• Work item
Each entry must be output exactly as it appears.

• Saved data entries
Lemma big_prefixS (V : Type) (idx : V) (op : Monoid.com_law idx) (F : 'I_N -> V)
    (t : 'I_N) :
  \big[op/idx]_(i : 'I_N | (i < t.+1)%N) F i =
    op (\big[op/idx]_(i : 'I_N | (i < t)%N) F i) (F t).
Proof.
rewrite (bigD1 t) //= Monoid.mulmC; congr (op _ _).
by apply: eq_bigl => i; rewrite ltnS ltn_neqAle andbC.
Qed.

Lemma card_prefix0 Q : #|[set i : 'I_N | (i < 0)%N && Q i]| = 0%N.
Proof. by apply: eq_card0 => i; rewrite inE. Qed.

Lemma card_prefixS Q (t : 'I_N) :
  #|[set i : 'I_N | (i < t.+1)%N && Q i]| = (#|[set i : 'I_N | (i < t)%N && Q i]| + Q t)%N.
Proof.
by rewrite -!sum1dep_card !big_mkcondr big_prefixS /=; case: (Q t).
Qed.

End RoundPrefixes.

Lemma sum_eq_but1 (V : zmodType) (I : finType) (F G : I -> V) (l : I) :
  (forall k, k != l -> F k = G k) -> \sum_k F k = \sum_k G k + (F l - G l).
Proof.
move=> FG; rewrite (bigD1 l) // [X in _ = X + _](bigD1 l) //=.
by rewrite (eq_bigr _ FG) addrAC subrKC addrC.
Qed.

(* If [K p = 1 + (s - v) / D], a step [v -> v + K Z - 1] with [Z] Bernoulli of
   parameter [p] changes [v^2] by at most [s^2 / D + K^2 p] on average. *)
Lemma bernoulli_sqr_drift (R : realFieldType) (K p v s D : R) :
  1 <= D -> K * p = 1 + (s - v) / D ->
  p * ((v + K - 1) ^+ 2 - v ^+ 2) + (1 - p) * ((v - 1) ^+ 2 - v ^+ 2)
    <= s ^+ 2 / D + K ^+ 2 * p.
Proof.
move=> D_ge1 Kp; have D_gt0 : 0 < D by lra.
have -> : p * ((v + K - 1) ^+ 2 - v ^+ 2) + (1 - p) * ((v - 1) ^+ 2 - v ^+ 2) =
    -2 * v + 1 + 2 * (K * p) * (v - 1) + K ^+ 2 * p by ring.
rewrite Kp lerD2r.
have -> : -2 * v + 1 + 2 * (1 + (s - v) / D) * (v - 1) = (2 * (s - v) * (v - 1) - D) / D.
  by field; rewrite gt_eqF.
rewrite ler_pM2r ?invr_gt0 //.
by have := sqr_ge0 (s + 1 - 2 * v); have := sqr_ge0 s; nra.
Qed.

Lemma telescope_le (R : realFieldType) (N : nat) (u : nat -> R) (kap : R) (e : 'I_N -> R) :
  u 0%N <= 0 -> (forall t : 'I_N, u t.+1 <= u t + kap + e t) ->
  u N <= N%:R * kap + \sum_(i : 'I_N) e i.
Proof.
move=> u0 uS.
suff bound t : (t <= N)%N -> u t <= t%:R * kap + \sum_(i : 'I_N | (i < t)%N) e i.
  by rewrite (eq_bigl (fun i : 'I_N => (i < N)%N)) ?bound // => i; rewrite ltn_ord.
elim: t => [_|t IH lt_tN]; first by rewrite big_pred0 // mul0r add0r.
have := uS (Ordinal lt_tN); rewrite /= => /le_trans -> //.
rewrite (big_prefixS _ e (Ordinal lt_tN)) /= -addn1 natrD.
by have := IH (ltnW lt_tN); lra.
Qed.

Section LateRounds.
Variables (R : realType) (m n : nat).
Hypotheses (m_gt0 : (0 < m)%N) (n_gt0 : (0 < n)%N).
Variables (Omega : finType) (P : Omega -> R).
Hypotheses (P_ge0 : forall w, 0 <= P w) (P_sum1 : \sum_w P w = 1).
Variables (g : 'I_(m * n) -> Omega -> 'I_n) (z : 'I_(m * n) -> Omega -> bool).

Local Notation N := (m * n)%N.
Local Notation Y := ((Ybound R m n)%:R : R).

Hypothesis Ha : forall w, 0 < P w -> forall (k : 'I_n) (t : nat), (t <= m * n)%N ->
  (m%:R - Num.max ((m * n)%:R - (cnt_a g k t w)%:R - (Ybound R m n)%:R) 0
     <= (cnt_c g z k t w)%:R :> R)
  /\ (cnt_c g z k t w <= m)%N.
Hypothesis Hc : forall (t : 'I_(m * n)) w, 0 < P w ->
  (cnt_a g (g t w) t w)%:R < (m * n)%:R - (Ybound R m n)%:R :> R ->
  condE P (fun w' => (z t w')%:R) (fun w' => (pre_le g t w', pre_lt z t w')) w
  = ((m%:R - (cnt_c g z (g t w) t w)%:R)
      / ((m * n)%:R - (cnt_a g (g t w) t w)%:R - (Ybound R m n)%:R)).

(* [early k i w] holds iff [a(k, i) <= mn/2], so that [w_i = early (g_i) i];
   [a_early], [c_early] count like [a], [c] but only over such rounds. *)
Definition thr := (N./2).+1.
Definition early k (i : nat) w := (cnt_a g k i w < thr)%N.
Definition a_early k t w :=
  #|[set i : 'I_N | (i < t)%N && ((g i w == k) && early k i w)]|.
Definition c_early k t w :=
  #|[set i : 'I_N | (i < t)%N && ((g i w == k) && early k i w && z i w)]|.

Lemma cnt_aS k (t : 'I_N) w : cnt_a g k t.+1 w = (cnt_a g k t w + (g t w == k))%N.
Proof. exact: card_prefixS. Qed.

Lemma cnt_cS k (t : 'I_N) w :
  cnt_c g z k t.+1 w = (cnt_c g z k t w + (g t w == k) * z t w)%N.
Proof. by rewrite /cnt_c card_prefixS; case: (g t w == k); case: (z t w). Qed.

Lemma a_earlyS k (t : 'I_N) w :
  a_early k t.+1 w = (a_early k t w + ((g t w == k) && early k t w))%N.
Proof. exact: card_prefixS. Qed.

Lemma c_earlyS k (t : 'I_N) w :
  c_early k t.+1 w = (c_early k t w + ((g t w == k) && early k t w) * z t w)%N.
Proof.
by rewrite /c_early card_prefixS; case: (g t w == k); case: (early k t w); case: (z t w).
Qed.

Lemma early_succ k (t : 'I_N) w : early k t.+1 w -> early k t w.
Proof. by rewrite /early cnt_aS; lia. Qed.

Lemma early_counts k w t : (t <= N)%N -> early k t w ->
  a_early k t w = cnt_a g k t w /\ c_early k t w = cnt_c g z k t w.
Proof.
elim: t => [|t IH] le_tN; first by rewrite /a_early /c_early /cnt_a /cnt_c !card_prefix0.
pose t' : 'I_N := Ordinal le_tN.
move=> /(early_succ (t := t')) early_t; have [IHa IHc] := IH (ltnW le_tN) early_t.
move: (a_earlyS k t' w) (c_earlyS k t' w) (cnt_aS k t' w) (cnt_cS k t' w).
by rewrite /= early_t andbT IHa IHc => -> -> -> ->.
Qed.

Definition view (t : nat) w := (pre_le g t w, pre_lt z t w).

Lemma cnt_a_agree k s w w' : (forall i : 'I_N, (i < s)%N -> g i w = g i w') ->
  cnt_a g k s w = cnt_a g k s w'.
Proof. by move=> gE; apply: eq_card => i; rewrite !inE; case: ltnP => //= /gE ->. Qed.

• Output for this task
Lemma big_prefixS (V : Type) (idx : V) (op : Monoid.com_law idx) (F : 'I_N -> V)
    (t : 'I_N) :
  \big[op/idx]_(i : 'I_N | (i < t.+1)%N) F i =
    op (\big[op/idx]_(i : 'I_N | (i < t)%N) F i) (F t).
Proof.
rewrite (bigD1 t) //= Monoid.mulmC; congr (op _ _).
by apply: eq_bigl => i; rewrite ltnS ltn_neqAle andbC.
Qed.

Lemma card_prefix0 Q : #|[set i : 'I_N | (i < 0)%N && Q i]| = 0%N.
Proof. by apply: eq_card0 => i; rewrite inE. Qed.

Lemma card_prefixS Q (t : 'I_N) :
  #|[set i : 'I_N | (i < t.+1)%N && Q i]| = (#|[set i : 'I_N | (i < t)%N && Q i]| + Q t)%N.
Proof.
by rewrite -!sum1dep_card !big_mkcondr big_prefixS /=; case: (Q t).
Qed.

End RoundPrefixes.

Lemma sum_eq_but1 (V : zmodType) (I : finType) (F G : I -> V) (l : I) :
  (forall k, k != l -> F k = G k) -> \sum_k F k = \sum_k G k + (F l - G l).
Proof.
move=> FG; rewrite (bigD1 l) // [X in _ = X + _](bigD1 l) //=.
by rewrite (eq_bigr _ FG) addrAC subrKC addrC.
Qed.

(* If [K p = 1 + (s - v) / D], a step [v -> v + K Z - 1] with [Z] Bernoulli of
   parameter [p] changes [v^2] by at most [s^2 / D + K^2 p] on average. *)
Lemma bernoulli_sqr_drift (R : realFieldType) (K p v s D : R) :
  1 <= D -> K * p = 1 + (s - v) / D ->
  p * ((v + K - 1) ^+ 2 - v ^+ 2) + (1 - p) * ((v - 1) ^+ 2 - v ^+ 2)
    <= s ^+ 2 / D + K ^+ 2 * p.
Proof.
move=> D_ge1 Kp; have D_gt0 : 0 < D by lra.
have -> : p * ((v + K - 1) ^+ 2 - v ^+ 2) + (1 - p) * ((v - 1) ^+ 2 - v ^+ 2) =
    -2 * v + 1 + 2 * (K * p) * (v - 1) + K ^+ 2 * p by ring.
rewrite Kp lerD2r.
have -> : -2 * v + 1 + 2 * (1 + (s - v) / D) * (v - 1) = (2 * (s - v) * (v - 1) - D) / D.
  by field; rewrite gt_eqF.
rewrite ler_pM2r ?invr_gt0 //.
by have := sqr_ge0 (s + 1 - 2 * v); have := sqr_ge0 s; nra.
Qed.

Lemma telescope_le (R : realFieldType) (N : nat) (u : nat -> R) (kap : R) (e : 'I_N -> R) :
  u 0%N <= 0 -> (forall t : 'I_N, u t.+1 <= u t + kap + e t) ->
  u N <= N%:R * kap + \sum_(i : 'I_N) e i.
Proof.
move=> u0 uS.
suff bound t : (t <= N)%N -> u t <= t%:R * kap + \sum_(i : 'I_N | (i < t)%N) e i.
  by rewrite (eq_bigl (fun i : 'I_N => (i < N)%N)) ?bound // => i; rewrite ltn_ord.
elim: t => [_|t IH lt_tN]; first by rewrite big_pred0 // mul0r add0r.
have := uS (Ordinal lt_tN); rewrite /= => /le_trans -> //.
rewrite (big_prefixS _ e (Ordinal lt_tN)) /= -addn1 natrD.
by have := IH (ltnW lt_tN); lra.
Qed.

Section LateRounds.
Variables (R : realType) (m n : nat).
Hypotheses (m_gt0 : (0 < m)%N) (n_gt0 : (0 < n)%N).
Variables (Omega : finType) (P : Omega -> R).
Hypotheses (P_ge0 : forall w, 0 <= P w) (P_sum1 : \sum_w P w = 1).
Variables (g : 'I_(m * n) -> Omega -> 'I_n) (z : 'I_(m * n) -> Omega -> bool).

Local Notation N := (m * n)%N.
Local Notation Y := ((Ybound R m n)%:R : R).

Hypothesis Ha : forall w, 0 < P w -> forall (k : 'I_n) (t : nat), (t <= m * n)%N ->
  (m%:R - Num.max ((m * n)%:R - (cnt_a g k t w)%:R - (Ybound R m n)%:R) 0
     <= (cnt_c g z k t w)%:R :> R)
  /\ (cnt_c g z k t w <= m)%N.
Hypothesis Hc : forall (t : 'I_(m * n)) w, 0 < P w ->
  (cnt_a g (g t w) t w)%:R < (m * n)%:R - (Ybound R m n)%:R :> R ->
  condE P (fun w' => (z t w')%:R) (fun w' => (pre_le g t w', pre_lt z t w')) w
  = ((m%:R - (cnt_c g z (g t w) t w)%:R)
      / ((m * n)%:R - (cnt_a g (g t w) t w)%:R - (Ybound R m n)%:R)).

(* [early k i w] holds iff [a(k, i) <= mn/2], so that [w_i = early (g_i) i];
   [a_early], [c_early] count like [a], [c] but only over such rounds. *)
Definition thr := (N./2).+1.
Definition early k (i : nat) w := (cnt_a g k i w < thr)%N.
Definition a_early k t w :=
  #|[set i : 'I_N | (i < t)%N && ((g i w == k) && early k i w)]|.
Definition c_early k t w :=
  #|[set i : 'I_N | (i < t)%N && ((g i w == k) && early k i w && z i w)]|.

Lemma cnt_aS k (t : 'I_N) w : cnt_a g k t.+1 w = (cnt_a g k t w + (g t w == k))%N.
Proof. exact: card_prefixS. Qed.

Lemma cnt_cS k (t : 'I_N) w :
  cnt_c g z k t.+1 w = (cnt_c g z k t w + (g t w == k) * z t w)%N.
Proof. by rewrite /cnt_c card_prefixS; case: (g t w == k); case: (z t w). Qed.

Lemma a_earlyS k (t : 'I_N) w :
  a_early k t.+1 w = (a_early k t w + ((g t w == k) && early k t w))%N.
Proof. exact: card_prefixS. Qed.

Lemma c_earlyS k (t : 'I_N) w :
  c_early k t.+1 w = (c_early k t w + ((g t w == k) && early k t w) * z t w)%N.
Proof.
by rewrite /c_early card_prefixS; case: (g t w == k); case: (early k t w); case: (z t w).
Qed.

Lemma early_succ k (t : 'I_N) w : early k t.+1 w -> early k t w.
Proof. by rewrite /early cnt_aS; lia. Qed.

Lemma early_counts k w t : (t <= N)%N -> early k t w ->
  a_early k t w = cnt_a g k t w /\ c_early k t w = cnt_c g z k t w.
Proof.
elim: t => [|t IH] le_tN; first by rewrite /a_early /c_early /cnt_a /cnt_c !card_prefix0.
pose t' : 'I_N := Ordinal le_tN.
move=> /(early_succ (t := t')) early_t; have [IHa IHc] := IH (ltnW le_tN) early_t.
move: (a_earlyS k t' w) (c_earlyS k t' w) (cnt_aS k t' w) (cnt_cS k t' w).
by rewrite /= early_t andbT IHa IHc => -> -> -> ->.
Qed.

Definition view (t : nat) w := (pre_le g t w, pre_lt z t w).

Lemma cnt_a_agree k s w w' : (forall i : 'I_N, (i < s)%N -> g i w = g i w') ->
  cnt_a g k s w = cnt_a g k s w'.
Proof. by move=> gE; apply: eq_card => i; rewrite !inE; case: ltnP => //= /gE ->. Qed.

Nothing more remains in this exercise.